- Directed by: Abdulkadir Ahmed Said
- Written by: Abdulkadir Ahmed Said
- Produced by: Jubba Enterprises/Somali Film Agency
- Starring: Hasan Elmi Kori Sabrie
- Cinematography: Fuad Abdulaziz Mohamed
- Edited by: Roberto Missiroli
- Music by: Cali Ganey
- Release date: 1988;
- Running time: 23 minutes
- Country: Somalia
- Language: Somali

= Geedka nolosha =

Geedka nolosha (1988), or The Tree of Life, is a short film from Somali writer and director Abdulkadir Ahmed Said. In 1988, it won the Prize of the City of Torino in the Best Film - International Short Film Competition category at the Torino International Festival of Young Cinema.

==Plot==
A man leaves his home and walks through a village, past various animals, as well as people going about their daily tasks, and stops to greet some of them. Eventually he comes to a forest where he selects a tree and starts to chop it.

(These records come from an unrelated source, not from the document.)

Lemma rna_structureP n (G : digraph n) :
  reflect (noncrossing_arcs G /\ no_unit_arc G) (rna_structure G).
Proof.
apply: (iffP andP) => [[/and3P[/forall_inP ord /forallP one /forall_inP nc]] |].
  move=> /forall_inP no_unit; split=> //; split=> // [v a b aG bG ta tb|a b aG bG].
    move/forall_inP/(_ a aG)/forall_inP/(_ b bG): (one v).
    by rewrite -/(touches a v) -/(touches b v) ta tb => /eqP.
  by move/forall_inP/(_ b bG): (nc a aG) => /and3P nab /nab.
case=> -[ord one nc] no_unit; split; last exact/forall_inP.
apply/and3P; split; first exact/forall_inP.
  apply/forallP=> v; apply/forall_inP=> a aG; apply/forall_inP=> b bG.
  by apply/implyP=> ta; apply/implyP=> tb; rewrite (one v a b).
by apply/forall_inP=> a aG; apply/forall_inP=> b bG; apply/and3P/nc.
Qed.

Lemma isolatedP n (G : digraph n) v :
  reflect (forall a, a \in G -> ~~ touches a v) (v \in isolated G).
Proof. by rewrite inE; apply: (iffP exists_inPn). Qed.

Lemma noncrossing_sub n (G G' : digraph n) :
  G \subset G' -> noncrossing_arcs G' -> noncrossing_arcs G.
Proof.
move=> /subsetP sub [ord one nc]; split=> [a /sub|v a b /sub aG /sub bG|a b /sub aG /sub bG].
- exact: ord.
- exact: one.
- exact: nc.
Qed.

Section MonotoneMaps.

Variables (n m : nat) (h : 'I_n -> 'I_m).

Definition arc_map (a : 'I_n * 'I_n) := (h a.1, h a.2).
Definition digraph_map (G : digraph n) : digraph m := arc_map @: G.
Definition digraph_preim (G : digraph m) : digraph n := [set a | arc_map a \in G].

Lemma touches_map_range a v : touches (arc_map a) v -> exists x, v = h x.
Proof. by case/orP=> /eqP <-; eexists. Qed.

Lemma digraph_preimK (G : digraph m) :
  (forall a, a \in G -> (a.1 \in codom h) && (a.2 \in codom h)) ->
  digraph_map (digraph_preim G) = G.
Proof.
move=> inG; apply/setP=> a; apply/imsetP/idP => [[b] | aG].
  by rewrite inE => bG ->.
case/andP: (inG a aG) => /codomP[x1 e1] /codomP[x2 e2].
by exists (x1, x2); rewrite ?inE /arc_map /= -e1 -e2; case: a aG {e1 e2}.
Qed.

Hypothesis h_mono : {mono h : x y / (x < y)%N}.

Lemma mono_ord_inj : injective h.
Proof.
move=> x y hxy; apply/val_inj; case: (ltngtP x y) => // ltxy.
  by have := h_mono x y; rewrite hxy ltnn ltxy.
by have := h_mono y x; rewrite hxy ltnn ltxy.
Qed.

Lemma arc_map_inj : injective arc_map.
Proof.
by move=> [a1 a2] [b1 b2] [e1 e2]; rewrite (mono_ord_inj e1) (mono_ord_inj e2).
Qed.

Lemma mem_digraph_map G a : (arc_map a \in digraph_map G) = (a \in G).
Proof. exact: mem_imset _ _ arc_map_inj. Qed.

Lemma digraph_map_inj : injective digraph_map.
Proof. exact: imset_inj arc_map_inj. Qed.

Lemma touches_map a x : touches (arc_map a) (h x) = touches a x.
Proof. by rewrite /touches /= !(inj_eq mono_ord_inj). Qed.

Lemma noncrossing_map G : noncrossing_arcs (digraph_map G) <-> noncrossing_arcs G.
Proof.
split=> [[ord one nc] | [ord one nc]].
  split=> [a /(imset_f arc_map) /ord /=|v a b aG bG ta tb|a b aG bG].
  - by rewrite h_mono.
  - apply: arc_map_inj; apply: (one (h v)); rewrite ?touches_map ?mem_digraph_map //.
  - by have := nc _ _ (imset_f arc_map aG) (imset_f arc_map bG); rewrite /= !h_mono.
split=> [_ /imsetP[a aG ->] /=|v _ _ /imsetP[a aG ->] /imsetP[b bG ->] ta tb|].
- by rewrite h_mono; apply: ord.
- have [x ev] := touches_map_range ta.
  by rewrite ev !touches_map in ta tb; rewrite (one x a b).
- by move=> _ _ /imsetP[a aG ->] /imsetP[b bG ->] /=; rewrite !h_mono; apply: nc.
Qed.

Lemma isolated_map G v :
  (v \in isolated (digraph_map G)) = [forall x, (h x == v) ==> (x \in isolated G)].
Proof.
apply/isolatedP/forallP => [iso x | iso _ /imsetP[a aG ->]].
  apply/implyP=> /eqP hxv; subst v; apply/isolatedP=> a aG.
  by rewrite -touches_map; apply: iso; rewrite mem_digraph_map.
apply/negP=> ta; have [x ev] := touches_map_range ta.
rewrite ev touches_map in ta; move/implyP: (iso x); rewrite ev eqxx.
by move=> /(_ isT)/isolatedP/(_ a aG); rewrite ta.
Qed.

End MonotoneMaps.

Lemma isolated_setU1 n (G : digraph n) a :
  isolated (G :|: [set a]) = isolated G :&: [set u | ~~ touches a u].
Proof.
apply/setP=> u; rewrite in_setI [X in _ && X]inE.
apply/isolatedP/andP => [iso | [/isolatedP iso au] b].
  split; last by apply: iso; rewrite !inE eqxx orbT.
  by apply/isolatedP=> b bG; apply: iso; rewrite inE bG.
by rewrite !inE => /orP[/iso // | /eqP ->].
Qed.

Definition rna_set n l := [set G : digraph n | rna_structure G & #|isolated G| == l].

Definition hairpin_at n (G : digraph n) (v : 'I_n) :=
  [exists a in G, ((a.1).+1 == v :> nat) && (a.2 == v.+1 :> nat)].

Section InsertIsolated.

Variables (n : nat) (v : 'I_n.+1).

Lemma lift_mono : {mono lift v : x y / (x < y)%N}.
Proof. by move=> x y; rewrite /= /bump; case: leqP; case: leqP; lia. Qed.

Lemma codom_lift u : (u \in codom (lift v)) = (u != v).
Proof.
apply/codomP/idP => [[x ->] | uv]; first by rewrite eq_sym neq_lift.
by rewrite eq_sym in uv; have [x -> _] := unlift_some uv; exists x.
Qed.

Lemma isolated_lift (G : digraph n) :
  isolated (digraph_map (lift v) G) = v |: lift v @: isolated G.
Proof.
apply/setP=> u; rewrite isolated_map ?inE; last exact: lift_mono.
have [->|uv] := eqVneq u v.
  by apply/forallP=> x; rewrite eq_sym (negbTE (neq_lift v x)).
rewrite eq_sym in uv; have [x -> _] := unlift_some uv.
rewrite (mem_imset _ _ (@lift_inj _ v)); apply/forallP/idP => [/(_ x)|xI y].
  by rewrite eqxx.
by apply/implyP=> /eqP/lift_inj ->.
Qed.

Lemma card_isolated_lift (G : digraph n) :
  #|isolated (digraph_map (lift v) G)| = #|isolated G|.+1.
Proof.
rewrite isolated_lift cardsU1 card_imset; last exact: lift_inj.
have /negbTE -> // : v \notin lift v @: isolated G.
by apply/imsetP=> -[x _ vx]; move: (neq_lift v x); rewrite -vx eqxx.
Qed.

Lemma no_unit_arc_lift (G : digraph n) : no_unit_arc G ->
  no_unit_arc (digraph_map (lift v) G) /\ ~~ hairpin_at (digraph_map (lift v) G) v.
Proof.
move=> no_unit; split=> [_ /imsetP[a aG ->] /= | ].
  by have := no_unit a aG; rewrite /= /bump; case: leqP; case: leqP; lia.
apply/exists_inP=> -[_ /imsetP[a aG ->]] /= /andP[].
by have := no_unit a aG; rewrite /bump; case: leqP; case: leqP => /=; lia.
Qed.

Lemma lift_preimK (G : digraph n.+1) : v \in isolated G ->
  digraph_map (lift v) (digraph_preim (lift v) G) = G.
Proof.
move=> /isolatedP iso; apply: digraph_preimK => a /iso.
by rewrite !codom_lift /touches negb_or.
Qed.

Lemma rna_lift_set l :
  [set G in rna_set n.+1 l.+1 | (v \in isolated G) && ~~ hairpin_at G v]
  = digraph_map (lift v) @: rna_set n l.
Proof.
apply/setP=> G; rewrite inE; apply/idP/imsetP => [|[G0]].
  rewrite inE => /and3P[/andP[/rna_structureP[nc no_unit] /eqP cardG] vI hairpin_free].
  have defG := lift_preimK vI.
  exists (digraph_preim (lift v) G) => //; rewrite inE; apply/andP; split.
    apply/rna_structureP; split.
      by rewrite -(noncrossing_map lift_mono) defG.
    move=> [a1 a2]; rewrite inE => aG; apply/eqP=> /= ea.
    have /andP[lt1 le2] : (a1 < v <= a2)%N.
      by have := no_unit _ aG; rewrite /= /bump; case: (leqP v a1); case: (leqP v a2) => /=; lia.
    apply: (negP hairpin_free); apply/exists_inP; exists (arc_map (lift v) (a1, a2)) => //=.
    by rewrite /bump leqNgt lt1 le2 /=; apply/andP; split; apply/eqP; lia.
  by rewrite -eqSS -card_isolated_lift defG cardG.
rewrite inE => /andP[/rna_structureP[nc no_unit] /eqP cardG0] ->.
have [no_unit' hairpin_free] := no_unit_arc_lift no_unit.
rewrite inE card_isolated_lift cardG0 eqxx isolated_lift !inE eqxx hairpin_free.
by rewrite !andbT; apply/rna_structureP; split=> //; apply/(noncrossing_map lift_mono).
Qed.

End InsertIsolated.

Section InsertHairpin.

Variables (m : nat) (w : 'I_m).

(* [skip2] renumbers the vertices of 'I_m into 'I_m.+2 leaving out w.+1 and w.+2, so that
   [add_hairpin G] replaces the vertex w of G by the hairpin (w, w.+2) around w.+1. *)
Fact skip2_subproof (x : 'I_m) : ((if (x <= w)%N then x : nat else x.+2) < m.+2)%N.
Proof. by case: ifP; have := ltn_ord x; lia. Qed.

Definition skip2 (x : 'I_m) : 'I_m.+2 := Ordinal (skip2_subproof x).

Definition hairpin_mid : 'I_m.+2 := Ordinal (leqW (ltn_ord w) : (w.+1 < m.+2)%N).

Definition hairpin_arc : 'I_m.+2 * 'I_m.+2 :=
  (widen_ord (leqW (leqnSn m)) w, Ordinal (ltn_ord w : (w.+2 < m.+2)%N)).

Definition add_hairpin (G : digraph m) : digraph m.+2 :=
  digraph_map skip2 G :|: [set hairpin_arc].

Lemma skip2_mono : {mono skip2 : x y / (x < y)%N}.
Proof. by move=> x y /=; case: ifP; case: ifP; lia. Qed.

Lemma codom_skip2 (u : 'I_m.+2) :
  (u \in codom skip2) = (u != w.+1 :> nat) && (u != w.+2 :> nat).
Proof.
apply/codomP/andP => [[x ->] /= | [/eqP u1 /eqP u2]]; first by case: ifP; lia.
have ltu : ((if (u <= w)%N then u : nat else u - 2) < m)%N.
  by have := ltn_ord u; have := ltn_ord w; case: ifP; lia.
by exists (Ordinal ltu); apply/val_inj => /=; case: (leqP u w) => /=; case: ifP; lia.
Qed.

Lemma arc_map_skip2_neq a : arc_map skip2 a != hairpin_arc.
Proof.
case: a => a1 a2; apply/negP; rewrite xpair_eqE => /andP[_ /eqP/(congr1 val)] /=.
by case: ifP; lia.
Qed.

Lemma mem_add_hairpin G a : (arc_map skip2 a \in add_hairpin G) = (a \in G).
Proof.
by rewrite !inE (negbTE (arc_map_skip2_neq a)) orbF (mem_digraph_map skip2_mono).
Qed.

Lemma add_hairpin_inj : injective add_hairpin.
Proof. by move=> G1 G2 eqG; apply/setP=> a; rewrite -!(mem_add_hairpin _ a) eqG. Qed.

Lemma hairpin_arc_in G : hairpin_arc \in add_hairpin G.
Proof. by rewrite !inE eqxx orbT. Qed.

Lemma add_hairpinP G a : a \in add_hairpin G ->
  (exists2 x, x \in G & a = arc_map skip2 x) \/ a = hairpin_arc.
Proof. by rewrite !inE => /orP[/imsetP[x xG ->] | /eqP ->]; [left; exists x | right]. Qed.

Lemma noncrossing_add_hairpin G :
  noncrossing_arcs G -> w \in isolated G -> noncrossing_arcs (add_hairpin G).
Proof.
move=> /(noncrossing_map skip2_mono) [ord one nc] /isolatedP wI.
have mapG x : x \in G -> arc_map skip2 x \in digraph_map skip2 G by apply: imset_f.
have offw x : x \in G -> (x.1 != w :> nat) /\ (x.2 != w :> nat).
  by move=> /wI; rewrite touchesE negb_or => /andP.
split.
- move=> a /add_hairpinP[[x xG ->] | ->]; [exact: ord (mapG _ xG) | rewrite /=; lia].
- move=> v a b /add_hairpinP[[[x1 x2] xG ->] | ->] /add_hairpinP[[[y1 y2] yG ->] | ->] //.
  + exact: one (mapG _ xG) (mapG _ yG).
  + have /= [] := offw _ xG; rewrite !touchesE /=; case: ifP; case: ifP; lia.
  + have /= [] := offw _ yG; rewrite !touchesE /=; case: ifP; case: ifP; lia.
- move=> a b /add_hairpinP[[[x1 x2] xG ->] | ->] /add_hairpinP[[[y1 y2] yG ->] | ->].
  + exact: nc (mapG _ xG) (mapG _ yG).
  + by have /= [] := offw _ xG; rewrite /= => ? ? []; case: ifP; case: ifP; lia.
  + by have /= [] := offw _ yG; rewrite /= => ? ? []; case: ifP; case: ifP; lia.
  + by case; lia.
Qed.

The sound of the axe echoes through the surrounding area, startling villagers and animals. After great effort, he successfully fells the tree and the sound of it crashing is particularly upsetting to those around. A great wind rushes through the forest and the man wraps himself in his sheet to protect himself. When he removes the sheet, he finds himself alone in the middle of a desert that he does not recognize. As he runs up and down the dunes looking for an escape, the film is intercut with scenes of trees being cut through simple and mechanized forestry, as well as scenes of famine and death. After crying out in despair and rolling down a dune, he comes across a small plant growing in the sand. He surrounds it with his body and sheet to protect it.

==Other==
Geedka nolosha was shot on 16 mm film.